When you read a book, do you feel like a paper towel sopping up Kool-Aid?

I hope not. A person can both absorb something and be actively engaged. In fact, I doubt you could take something in if you weren't engaged.

Art--any kind, as long as it's good--offers an especially charged form of engagement. The artist has created a singular experience for you--to pull you out of yourself so that when you return there will be more to you. If you "participate" as you mean it-- shaping the very thing you might have simply experienced--you shift the balance between you and it. Less of it, more of you.

The good intentions behind advocating this kind of participation--to save us from feeling isolated--misunderstands loneliness, conflating it with solitude.

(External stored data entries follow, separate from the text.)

Lemma blk_homo beta : {homo blk beta : i j / (i <= j)%N}.
Proof. by move=> i j le_ij; apply: sub_count => p /= le_pi; apply: leq_trans le_ij. Qed.

Lemma Wbar_beta_fiber_stab N beta :
  Wbar_beta N beta = fiber_stab (fun k : 'I_N => blk beta k).
Proof.
apply: fiber_stab_adj_gen => [i j||c d dc bcd]; first exact: blk_homo.
  apply/subsetP => s; rewrite inE.
  by move=> /existsP[i /existsP[j /and3P[_ /eqP bij /eqP->]]]; apply: tperm_fiber_stab.
apply: mem_gen; rewrite inE; apply/existsP; exists c; apply/existsP; exists d.
by apply/and3P; split; apply/eqP.
Qed.

Lemma Wbar_up_adj_lt N beta (w : {perm 'I_N}) (c d : 'I_N) : in_Wbar_up beta w ->
  d = c.+1 :> nat -> blk beta c = blk beta d -> (w c < w d)%N.
Proof.
move=> w_min dc bcd; have w_cd : w c != w d.
  by rewrite (inj_eq perm_inj); apply/eqP => cd; move: dc; rewrite cd; lia.
rewrite ltn_neqAle (inj_eq val_inj) w_cd leqNgt; apply/negP => lt_w.
have /w_min : tperm c d \in Wbar_beta N beta.
  by rewrite Wbar_beta_fiber_stab tperm_fiber_stab.
by rewrite !len_emb leqNgt card_invs_tpermM.
Qed.

Lemma Wbar_up_incr N beta (w : {perm 'I_N}) (a b : 'I_N) : in_Wbar_up beta w ->
  (a < b)%N -> blk beta a = blk beta b -> (w a < w b)%N.
Proof.
move=> w_min lt_ab bab; pose key (k : 'I_N) : nat *l nat := (blk beta k, w k : nat).
suff : (key a < key b)%O by rewrite ltxi_pair bab lexx ltEnat.
apply: (ord_chain (@lt_trans _ _)) => // c d dc.
have le_cd : (blk beta c <= blk beta d)%N by rewrite blk_homo // dc.
rewrite ltxi_pair leEnat ltEnat le_cd /=; apply/implyP => le_dc.
by apply: (Wbar_up_adj_lt w_min dc); apply/anti_leq; rewrite le_cd.
Qed.

(* The block component is ordered dually, so that the key is nondecreasing
   on X^beta (see coset_key_homo). *)
Definition coset_key N beta (x : Welt N) (k : 'I_N) : int *l nat^d :=
  (x.1 k, blk beta (x.2^-1%g k)).

Lemma in_Wx_fiber_stab N beta (x : Welt N) (u : {perm 'I_N}) :
  in_Wx beta x u <-> u \in fiber_stab (coset_key beta x).
Proof.
have -> : fiber_stab (coset_key beta x) =
    fiber_stab (fun k => (x.1 k, blk beta (x.2^-1%g k))) by [].
rewrite fiber_stab_pair in_setI -(fiber_stab_conj (fun k : 'I_N => blk beta k)).
rewrite -Wbar_beta_fiber_stab.
case: x => mu w /=; split.
- move=> Wx.
  have [_ /(_ (ex_intro2 _ _ 1%g (group1 _) erefl))[v Wv]] :=
    Wx (wmul (mu, w) (emb 1%g)).
  rewrite /wmul /emb /= mul1g => -[/ffunP mu_u wuv].
  have -> : (w * u * w^-1 = v^-1)%g.
    by apply: (mulIg w); rewrite mulgKV -[(w * u)%g](mulKg v) -wuv.
  rewrite groupV Wv andbT -groupV; apply/fiber_stabP => k.
  by have := mu_u k; rewrite !ffunE /= !addr0 add0r.
- move=> /andP[mu_u Wu] y; rewrite -groupV in mu_u; move/fiber_stabP: mu_u => mu_u.
  have wmul_emb v :
      wmul (wmul (emb u) (mu, w)) (emb v) = wmul (mu, w) (emb (v * (w * u * w^-1))).
    rewrite /wmul /emb /=; congr pair; last by rewrite -mulgA mulgKV.
    by apply/ffunP => j; rewrite !ffunE /= mu_u !addr0 add0r.
  split=> -[v Wv ->].
    by exists (v * (w * u * w^-1))%g; [rewrite groupM | rewrite wmul_emb].
  exists (v * (w * u * w^-1)^-1)%g; first by rewrite groupM ?groupV.
  by rewrite wmul_emb mulgKV.
Qed.

Local Open Scope ring_scope.

Lemma eta_wS N beta (w : {perm 'I_N}) (p q : 'I_N) : q = p.+1 :> nat ->
  eta_w beta w q = eta_w beta w p + (eta_cond beta w p : nat)%:Z.
Proof.
move=> qp; rewrite !ffunE -PoszD addnC (cardsD1 p) inE qp ltnSn /=.
congr (Posz (_ + _)).
by apply: eq_card => i; rewrite !inE ltnS ltn_neqAle (inj_eq val_inj) andbA.
Qed.

Lemma coset_key_step N beta (w : {perm 'I_N}) (eta : lat N) (p q : 'I_N) :
  Pminus eta -> q = p.+1 :> nat ->
  (coset_key beta ([ffun j => eta j + eta_w beta w j], w) p <=
   coset_key beta ([ffun j => eta j + eta_w beta w j], w) q)%O.
Proof.
move=> eta_homo qp.
have mu_def k : [ffun j => eta j + eta_w beta w j] k = eta k + eta_w beta w k.
  by rewrite ffunE.
rewrite /coset_key lexi_pair /= !mu_def (eta_wS _ _ qp).
have le_eta : eta p <= eta q by apply: eta_homo; rewrite qp.
apply/andP; split; first by lia.
apply/implyP => le_mu; rewrite leEdual.
have no_cond : ~~ eta_cond beta w p.
  by apply/negP => cond; move: le_mu; rewrite cond; lia.
case: (ltngtP (w^-1%g q) (w^-1%g p)) => [/ltnW/blk_homo //|lt_pq|/val_inj/perm_inj qp'].
  apply: eq_leq; apply: contraNeq no_cond => neq.
  apply/existsP; exists (w^-1%g p); apply/existsP; exists (w^-1%g q).
  by rewrite lt_pq eq_sym neq !permKV eqxx qp eqxx.
by move: qp; rewrite qp'; lia.
Qed.

Lemma coset_key_homo N beta (x : Welt N) : in_X beta x ->
  {homo coset_key beta x : i j / (i <= j)%N >-> (i <= j)%O}.
Proof.
case=> w [_ [eta [eta_homo ->]]] i j; rewrite leq_eqVlt => /orP[/eqP/val_inj->//|].
by apply: (ord_chain (@le_trans _ _)) => c d; apply: coset_key_step.
Qed.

Loneliness isn't about being alone, it's about never being able to escape yourself. Art is one of loneliness' best cures. An active cure. But you need to allow the art to set its own course for it to work its magic.

My follow-up:

When I used the word "active" I was not discounting the type of active engagement people experience when they watch a dance performance or read a book. I was using "active" in a different sense - one of being directly connected to or engaged with a work in some type of contributory or physical sense.

For example, when I performed in a community dance program last week, I enjoyed waiting in the wings and watching the dance company members perform on stage - the community members entered the stage to perform the last third of this piece, "Still Crossing," with company members. What I especially liked was to see how the dancers integrated bits and pieces of the movements that we were taught for our portion of the dance. I guess the question is if I were now in the audience watching the entire "Still Crossing" what would the experience be like for me and how would it possibly be different from somebody else who was not involved in the community portion of this dance?

So one example of what I mean by "active" is to be able to make a physical connection between what one sees on stage and what one has experienced with one's own body.

There are many other possible examples that can often be facilitated by the Internet such as making performances and rehearsals available online and offering Internet users the opportunity to offer feedback and criticisms as well as, possibly, contributing their own dance movements in video form. And there are many approaches to offline participatory engagement as well that have been explored over the years.

You write that following my approach one may shape "the very thing you might have simply experienced--you shift the balance between you and it. Less of it, more of you." And follow with "Art is one of loneliness' best cures. An active cure. But you need to allow the art to set its own course for it to work its magic."

Why is it necessary or preferable to pre-set the balance between "you and it"? And why is the best art by definition one that "sets its own course"? Isn't this really up to the artist and how he or she wishes to create art and engage audiences?